Saved data entries
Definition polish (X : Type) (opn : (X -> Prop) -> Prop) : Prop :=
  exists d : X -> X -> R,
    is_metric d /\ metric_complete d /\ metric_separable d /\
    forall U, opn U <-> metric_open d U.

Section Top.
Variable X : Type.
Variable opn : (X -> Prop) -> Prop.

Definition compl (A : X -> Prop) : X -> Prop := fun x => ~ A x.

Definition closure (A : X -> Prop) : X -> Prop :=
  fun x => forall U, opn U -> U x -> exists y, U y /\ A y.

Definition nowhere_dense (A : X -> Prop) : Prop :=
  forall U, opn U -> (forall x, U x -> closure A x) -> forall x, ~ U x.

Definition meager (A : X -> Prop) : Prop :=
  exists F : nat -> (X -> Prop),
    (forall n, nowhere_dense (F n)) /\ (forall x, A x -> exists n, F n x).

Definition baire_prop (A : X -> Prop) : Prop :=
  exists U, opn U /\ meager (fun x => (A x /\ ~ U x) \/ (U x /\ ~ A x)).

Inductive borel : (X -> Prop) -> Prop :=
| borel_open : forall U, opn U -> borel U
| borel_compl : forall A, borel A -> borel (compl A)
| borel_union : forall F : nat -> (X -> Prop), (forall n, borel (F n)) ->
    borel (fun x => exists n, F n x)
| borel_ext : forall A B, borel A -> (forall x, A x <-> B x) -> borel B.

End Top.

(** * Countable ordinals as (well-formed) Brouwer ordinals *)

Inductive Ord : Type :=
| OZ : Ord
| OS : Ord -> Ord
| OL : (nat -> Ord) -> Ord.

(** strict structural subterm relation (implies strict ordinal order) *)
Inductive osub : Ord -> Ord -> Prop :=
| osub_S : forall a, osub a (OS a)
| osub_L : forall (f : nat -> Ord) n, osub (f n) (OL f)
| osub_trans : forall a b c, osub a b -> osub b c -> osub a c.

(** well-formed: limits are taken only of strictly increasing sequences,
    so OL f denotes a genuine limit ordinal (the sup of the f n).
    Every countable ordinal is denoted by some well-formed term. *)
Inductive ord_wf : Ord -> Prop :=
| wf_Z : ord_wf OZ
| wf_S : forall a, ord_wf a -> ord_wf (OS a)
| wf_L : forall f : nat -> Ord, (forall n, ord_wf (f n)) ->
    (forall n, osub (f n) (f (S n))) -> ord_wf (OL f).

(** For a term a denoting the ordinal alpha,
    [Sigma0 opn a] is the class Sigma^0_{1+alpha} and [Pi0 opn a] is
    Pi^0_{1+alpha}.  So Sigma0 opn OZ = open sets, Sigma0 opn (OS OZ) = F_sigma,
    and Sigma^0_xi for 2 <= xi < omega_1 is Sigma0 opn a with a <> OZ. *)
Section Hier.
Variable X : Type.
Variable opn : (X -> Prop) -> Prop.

WHAT THE TASK REQUIRES: Every line in the data that holds "well" should be copied out.

COMPLETED TASK:
(** * Countable ordinals as (well-formed) Brouwer ordinals *)
(** well-formed: limits are taken only of strictly increasing sequences,
    Every countable ordinal is denoted by some well-formed term. *)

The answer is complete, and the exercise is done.